For the full year, management has guided for around 20% in non-GAAP EPS growth with similar revenue growth. After many years of minimal operating leverage, PYPL is finally a margin expansion story.
I would not be surprised if PYPL does not raise full-year revenue growth guidance but shows strength on the bottom line, as management has made it clear on conference calls that profitability is now the near term focus.
Subsequent to the quarter end, the company announced that it reached an agreement to sell $44 billion in European buy now pay later (‘BNPL’) assets to KKR. This is expected to initially lead to around $1.8 billion in proceeds, of which $1 billion has been slated for further share repurchases.
I expect management to continue to prioritize share repurchases, especially given where the stock stands today.
As of recent prices, PYPL was trading at around 15x earnings, but earnings are expected to compound rapidly given that management appears willing to allow operating leverage to take hold.
I can see revenue growth accelerating to 15% over time, with the company sustaining at least 18% earnings growth over the medium term.
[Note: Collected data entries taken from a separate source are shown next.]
(* Let $n \ge 2$ be an integer, $\lambda > 0$ a real number and $C \ge 1$. There exists a constant $C'>0$ depending only on $n$ and $C$ such that the following holds. Let $(p_0,\ldots,p_n) \in \mathbb{Z}^{n+1}$ with $q := p_0 \ge 1$, $C^{-1} q \le |p_i| \le C q$ for all $i$, and $|p_{i-1}p_{i+1} - p_i^2| \le C q^{1-\lambda}$ for all $i \in \{1,\ldots,n-1\}$. Then for all positive integers $m,k$ with $k-m+1 \ge 0$ and $k+m-1 \le n$, the $m\times m$ Hankel matrix $$\Delta_{m,k} = \begin{pmatrix} p_{k-m+1} & p_{k-m+2} & \cdots & p_k \\ p_{k-m+2} & p_{k-m+3} & \cdots & p_{k+1} \\ \vdots & \vdots & \ddots & \vdots \\ p_k & p_{k+1} & \cdots & p_{k+m-1}\end{pmatrix}$$ (whose $(r,s)$ entry is $p_{k-m+r+s-1}$) satisfies $|\det \Delta_{m,k}| \le C' q^{1-(m-1)\lambda}$.
   Context: The paper writes these statements with Vinogradov notation ($\ll$, $\asymp$); here implied constants are made explicit. *)

From HB Require Import structures.
From mathcomp Require Import all_boot all_order all_algebra.
From mathcomp Require Import all_classical all_reals all_analysis.
Set Implicit Arguments. Unset Strict Implicit. Unset Printing Implicit Defensive.
Import Order.TTheory GRing.Theory Num.Theory.
Local Open Scope ring_scope.

(* Hankel matrix Delta_{m,k}: 0-based entry (r,s) is p_{k-m+1+r+s}
   (= paper's 1-based entry p_{k-m+r+s-1}). Requires k+1 >= m. *)
Definition hankel (R : ringType) (p : nat -> int) (m k : nat) : 'M[R]_m :=
  \matrix_(r < m, s < m) (p (k.+1 - m + r + s)%N)%:~R.

(* With r_i = p_(i+1) / p_i, the hypothesis on p_(i-1) p_(i+1) - p_i^2 says that
   consecutive ratios differ by O(q^(-1-lambda)); telescoping, every 2x2 minor
   p_a p_(b+1) - p_(a+1) p_b = p_a p_b (r_b - r_a) is O(q^(1-lambda)).  Replacing
   each row i >= 1 of Delta by p_c (row i) - p_(c+1) (row i-1), where p_c is the
   top-left entry, multiplies the determinant by p_c^(m-1) and turns those rows
   into such minors, so the Leibniz expansion gives
   |p_c|^(m-1) |det Delta| = O(q * q^((m-1)(1-lambda))), and |p_c| >= q / C. *)

From HB Require Import structures.
From mathcomp Require Import all_boot all_order all_algebra.
From mathcomp Require Import all_classical all_reals all_analysis.
From mathcomp Require Import perm zify ring.
Import Order.TTheory GRing.Theory Num.Theory.
Local Open Scope ring_scope.

Lemma normr_det_le (R : realDomainType) m (A : 'M[R]_m) (B : 'I_m -> R) :
  (forall i j, `|A i j| <= B i) -> `|\det A| <= m`!%:R * \prod_i B i.
Proof.
move=> leAB; rewrite /determinant (le_trans (ler_norm_sum _ _ _)) //.
apply: (@le_trans _ _ (\sum_(s : 'S_m) \prod_i B i)).
  apply: ler_sum => s _.
  rewrite normrM normrX normrN1 expr1n mul1r normr_prod.
  by apply: ler_prod => i _; rewrite normr_ge0 /=.
by rewrite sumr_const card_Sn mulr_natl.
Qed.

Definition shift_elim_mx {R : pzRingType} m (a b : R) : 'M[R]_m.+1 :=
  \matrix_(i, j) if i == j then (if i == 0 :> nat then 1 else a)
                 else if (j.+1 == i)%N then - b else 0.

Lemma det_shift_elim_mx {R : comPzRingType} m (a b : R) :
  \det (shift_elim_mx m a b) = a ^+ m.
Proof.
rewrite det_trig; last first.
  apply/is_trig_mxP => i j lt_ij; rewrite mxE.
  by rewrite -val_eqE /= !ifF //; apply/negbTE; lia.
rewrite big_ord_recl mxE eqxx /= mul1r.
under eq_bigr => i _ do rewrite mxE eqxx /=.
by rewrite prodr_const card_ord.
Qed.

Lemma shift_elim_mx_row0 (R : pzRingType) m n (a b : R) (M : 'M[R]_(m.+1, n)) j :
  (shift_elim_mx m a b *m M) ord0 j = M ord0 j.
Proof.
rewrite mxE (bigD1 ord0) //= big1 => [|i ne_i0]; first by rewrite !mxE /= mul1r addr0.
by rewrite !mxE eq_sym (negbTE ne_i0) mul0r.
Qed.

Lemma shift_elim_mx_rowS (R : pzRingType) m n (a b : R) (M : 'M[R]_(m.+1, n))
    (i : 'I_m.+1) j :
  i != 0 :> nat ->
  (shift_elim_mx m a b *m M) i j = a * M i j - b * M (inord i.-1) j.
Proof.
move=> ne_i0; have lt_im := ltn_ord i; have ne_ii : inord i.-1 != i :> 'I_m.+1.
  by rewrite -val_eqE /= inordK; lia.
rewrite mxE (bigD1 i) // (bigD1 (inord i.-1)) //= big1 => [|k /andP[ne_ki ne_ki']].
  rewrite !mxE eqxx (negbTE ne_i0) eq_sym (negbTE ne_ii) inordK; last by lia.
  by rewrite prednK ?lt0n // eqxx addr0 mulNr.
rewrite !mxE eq_sym (negbTE ne_ki) ifF ?mul0r //.
apply: contraNF ne_ki' => /eqP eq_ki; apply/eqP/val_inj; rewrite /= inordK; lia.
Qed.

Lemma hankel_det_mul_le (R : realDomainType) (P : nat -> R) c m (Bq Bd : R) :
  (forall i, (i <= c + m)%N -> `|P i| <= Bq) ->
  (forall b, (c <= b)%N -> (b < c + 2 * m)%N ->
     `|P c * P b.+1 - P c.+1 * P b| <= Bd) ->
  `|\det (\matrix_(r < m.+1, s < m.+1) P (c + r + s)%N)| * `|P c| ^+ m
    <= m.+1`!%:R * (Bq * Bd ^+ m).
Proof.
move=> P_le minor_le.
rewrite -normrX -normrM mulrC -(det_shift_elim_mx m (P c) (P c.+1)) -det_mulmx.
have -> : Bq * Bd ^+ m = \prod_(i < m.+1) (if i == 0 :> nat then Bq else Bd).
  by rewrite big_ord_recl /= prodr_const card_ord.
apply: normr_det_le => i j; have lt_im := ltn_ord i; have lt_jm := ltn_ord j.
case: (eqVneq (i : nat) 0) => [i0|ne_i0].
  have -> : i = ord0 by apply: val_inj.
  by rewrite shift_elim_mx_row0 mxE P_le //= addn0 leq_add2l.
rewrite shift_elim_mx_rowS // !mxE inordK; last by lia.
have -> : (c + i + j = (c + i.-1 + j).+1)%N by lia.
by rewrite minor_le //; lia.
Qed.

Section SlowlyVaryingRatios.

Variables (R : realFieldType) (P : nat -> R) (n : nat) (l U eps : R).
Hypothesis l_gt0 : 0 < l.
Hypothesis eps_ge0 : 0 <= eps.
Hypothesis P_ge : forall i, (i <= n)%N -> l <= `|P i|.
Hypothesis P_le : forall i, (i <= n)%N -> `|P i| <= U.
Hypothesis P_disc : forall i, (1 <= i)%N -> (i <= n - 1)%N ->
  `|P i.-1 * P i.+1 - P i ^+ 2| <= eps.

Let P_neq0 i : (i <= n)%N -> P i != 0.
Proof. by move=> le_in; rewrite -normr_gt0 (lt_le_trans l_gt0) ?P_ge. Qed.

Let U_ge0 : 0 <= U.
Proof. exact: le_trans (P_le _ (leq0n n)). Qed.

Lemma ratio_step b : (b.+2 <= n)%N ->
  `|P b.+2 / P b.+1 - P b.+1 / P b| <= eps / l ^+ 2.
Proof.
move=> le_bn; have Pb0 : P b != 0 by apply: P_neq0; lia.
have Pb10 : P b.+1 != 0 by apply: P_neq0; lia.
have -> : P b.+2 / P b.+1 - P b.+1 / P b =
    (P b * P b.+2 - P b.+1 ^+ 2) / (P b * P b.+1) by field; rewrite Pb0 Pb10.
rewrite normrM normfV normrM ler_pM ?invr_ge0 ?mulr_ge0 //.
  by apply: P_disc b.+1 _ _; lia.
rewrite lef_pV2 ?posrE ?exprn_gt0 ?mulr_gt0 ?normr_gt0 //.
by rewrite expr2 ler_pM ?P_ge ?ltW //; lia.
Qed.

Lemma ratio_drift a b : (a <= b)%N -> (b < n)%N ->
  `|P b.+1 / P b - P a.+1 / P a| <= (b - a)%:R * (eps / l ^+ 2).
Proof.
move=> + lt_bn; elim: b lt_bn => [|b IHb] lt_bn le_ab.
  by move: le_ab; rewrite leqn0 => /eqP ->; rewrite subrr normr0 mul0r.
case: (eqVneq a b.+1) => [->|ne_ab]; first by rewrite subrr normr0 subnn mul0r.
have le_ab' : (a <= b)%N by lia.
rewrite -(subrKA (P b.+1 / P b)) (le_trans (ler_normD _ _)) //.
rewrite subSn // -natr1 mulrDl mul1r addrC lerD ?ratio_step //.
exact: IHb (ltnW lt_bn) le_ab'.
Qed.

Lemma minor2_le a b : (a <= b)%N -> (b < n)%N ->
  `|P a * P b.+1 - P a.+1 * P b| <= (b - a)%:R * (U ^+ 2 * eps / l ^+ 2).
Proof.
move=> le_ab lt_bn.
have Pa0 : P a != 0 by apply: P_neq0; lia.
have Pb0 : P b != 0 by apply: P_neq0; lia.
have -> : P a * P b.+1 - P a.+1 * P b = P a * P b * (P b.+1 / P b - P a.+1 / P a).
  by field; rewrite Pa0 Pb0.
have -> : (b - a)%:R * (U ^+ 2 * eps / l ^+ 2)
    = U ^+ 2 * ((b - a)%:R * (eps / l ^+ 2)) by ring.
by rewrite normrM ler_pM ?ratio_drift // normrM expr2 ler_pM ?P_le //; lia.
Qed.

Lemma hankel_det_le c m : (c + 2 * m <= n)%N ->
  `|\det (\matrix_(r < m.+1, s < m.+1) P (c + r + s)%N)|
    <= m.+1`!%:R * U * (n%:R * U ^+ 2 * eps / l ^+ 3) ^+ m.
Proof.
move=> le_cmn; set d := `|\det _|.
have det_mul : d * `|P c| ^+ m
    <= m.+1`!%:R * (U * (n%:R * (U ^+ 2 * eps / l ^+ 2)) ^+ m).
  apply: hankel_det_mul_le => [i le_i|b le_cb lt_b]; first by apply: P_le; lia.
  apply: le_trans (@minor2_le c b le_cb _) _; first by lia.
  by rewrite ler_wpM2r ?divr_ge0 ?mulr_ge0 ?exprn_ge0 ?U_ge0 ?(ltW l_gt0) // ler_nat; lia.
have Pc_ge : l ^+ m <= `|P c| ^+ m.
  by rewrite lerXn2r ?nnegrE ?normr_ge0 ?(ltW l_gt0) ?P_ge //; lia.
have -> : m.+1`!%:R * U * (n%:R * U ^+ 2 * eps / l ^+ 3) ^+ m
    = m.+1`!%:R * (U * (n%:R * (U ^+ 2 * eps / l ^+ 2)) ^+ m) / l ^+ m.
  rewrite -!mulrA -expr_div_n; congr (_ * (_ * (_ ^+ m))).
  by field; rewrite gt_eqF.
rewrite ler_pdivlMr ?exprn_gt0 //.
exact: le_trans (ler_wpM2l (normr_ge0 _) Pc_ge) det_mul.
Qed.

End SlowlyVaryingRatios.

Lemma powR_1subr (R : realType) (q x : R) : 0 < q -> q `^ (1 - x) = q * q `^ (- x).
Proof.
by move=> q_gt0; rewrite powRD ?powRr1 ?(ltW q_gt0) // (gt_eqF q_gt0) implybT.
Qed.

Theorem proposition4p2 (R : realType) (n : nat) (C : R) :
  (2 <= n)%N -> 1 <= C ->
  exists C' : R, 0 < C' /\
    forall (lambda : R) (p : nat -> int),
      0 < lambda ->
      (1 <= p 0%N)%R ->
      (forall i : nat, (i <= n)%N ->
         C^-1 * (p 0%N)%:~R <= `|(p i)%:~R : R| /\
         `|(p i)%:~R : R| <= C * (p 0%N)%:~R) ->
      (forall i : nat, (1 <= i)%N -> (i <= n - 1)%N ->
         `|((p i.-1 * p i.+1 - p i ^+ 2)%:~R : R)|
           <= C * ((p 0%N)%:~R `^ (1 - lambda))) ->
      forall m k : nat, (0 < m)%N -> (0 < k)%N ->
        (m <= k + 1)%N -> (k + m - 1 <= n)%N ->
        `|\det (hankel R p m k)|
          <= C' * ((p 0%N)%:~R `^ (1 - (m%:R - 1) * lambda)).
Proof.
move=> le2n C_ge1; have C_gt0 : 0 < C := lt_le_trans ltr01 C_ge1.
pose K : R := n%:R * C ^+ 6.
have K_ge1 : 1 <= K by rewrite mulr_ege1 ?exprn_ege1 // ler1n; lia.
exists (n.+1`!%:R * C * K ^+ n); split.
  by rewrite !mulr_gt0 ?exprn_gt0 ?ltr0n ?fact_gt0 // (lt_le_trans ltr01 K_ge1).
move=> lambda p _ p0_ge1 p_bounds p_disc [//|m] k _ _ le_mk le_kmn.
set q : R := (p 0%N)%:~R in p_bounds p_disc *.
have q_gt0 : 0 < q by rewrite (lt_le_trans ltr01) ?ler1z.
set u := q `^ (- lambda).
have -> : q `^ (1 - ((m.+1)%:R - 1) * lambda) = q * u ^+ m.
  by rewrite -natr1 addrK powR_1subr // -mulrN [m%:R * _]mulrC powRrM powR_mulrn ?powR_ge0.
pose P i : R := (p i)%:~R.
have P_ge i : (i <= n)%N -> q / C <= `|P i| by move=> /p_bounds[]; rewrite mulrC.
have P_le i : (i <= n)%N -> `|P i| <= C * q by move=> /p_bounds[].
have P_disc i : (1 <= i)%N -> (i <= n - 1)%N ->
    `|P i.-1 * P i.+1 - P i ^+ 2| <= C * (q * u).
  by move=> ge_i1 le_in; have := p_disc i ge_i1 le_in; rewrite intrB intrM rmorphXn powR_1subr.
have -> : hankel R p m.+1 k = \matrix_(r, s) P (k.+1 - m.+1 + r + s)%N by [].
apply: le_trans (@hankel_det_le _ _ _ _ _ _ _ _ P_ge P_le P_disc (k.+1 - m.+1) m _) _.
- by rewrite divr_gt0.
- by rewrite !mulr_ge0 ?powR_ge0 ?ltW.
- by lia.
have -> : n%:R * (C * q) ^+ 2 * (C * (q * u)) / (q / C) ^+ 3 = K * u.
  by rewrite /K; field; rewrite !gt_eqF.
rewrite exprMn [X in X <= _](_ : _ = m.+1`!%:R * K ^+ m * (C * (q * u ^+ m))); last by ring.
rewrite [X in _ <= X](_ : _ = n.+1`!%:R * K ^+ n * (C * (q * u ^+ m))); last by ring.
rewrite ler_wpM2r ?mulr_ge0 ?exprn_ge0 ?powR_ge0 ?(ltW C_gt0) ?(ltW q_gt0) //.
apply: ler_pM; rewrite ?exprn_ge0 ?(le_trans ler01 K_ge1) //.
- by rewrite ler_nat leq_fact; lia.
- by rewrite ler_weXn2l //; lia.
Qed.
Based on a 1.5x price to earnings growth ratio (‘PEG ratio’), that implies a valuation of around 27x earnings, implying close to triple-digit upside. I justify that PEG ratio due to the company’s aggressive share repurchase program and net cash balance sheet.
The key risk here is arguably not from FedNow, but instead from Apple Pay. I find PYPL’s positioning in unbranded checkout to be strong, but the company might face real competition in branded checkout for the first time in its history. The company has a first-mover advantage, but that goes out the window when you go up against mega-cap tech titans like AAPL. I’d argue that current valuations are not pricing in much growth at all, but it remains unclear if PYPL has reached a “bottom” in the growth story, especially given the uncertain macro environment. It’s possible that revenue growth rates do not accelerate from here, which would make it difficult for PYPL to sustain above-average earnings growth for as long as expected, given that there are only so many cost efficiencies that can be derived without negatively impacting the core businesses.
I reiterate my strong buy rating for the stock and look to the coming quarters for the company to reinstill confidence in the secular growth story.
Analyst’s Disclosure: I/we have a beneficial long position in the shares of PYPL either through stock ownership, options, or other derivatives. I wrote this article myself, and it expresses my own opinions. I am not receiving compensation for it (other than from Seeking Alpha). I have no business relationship with any company whose stock is mentioned in this article.
I am long all positions in the Best of Breed Growth Stocks Portfolio.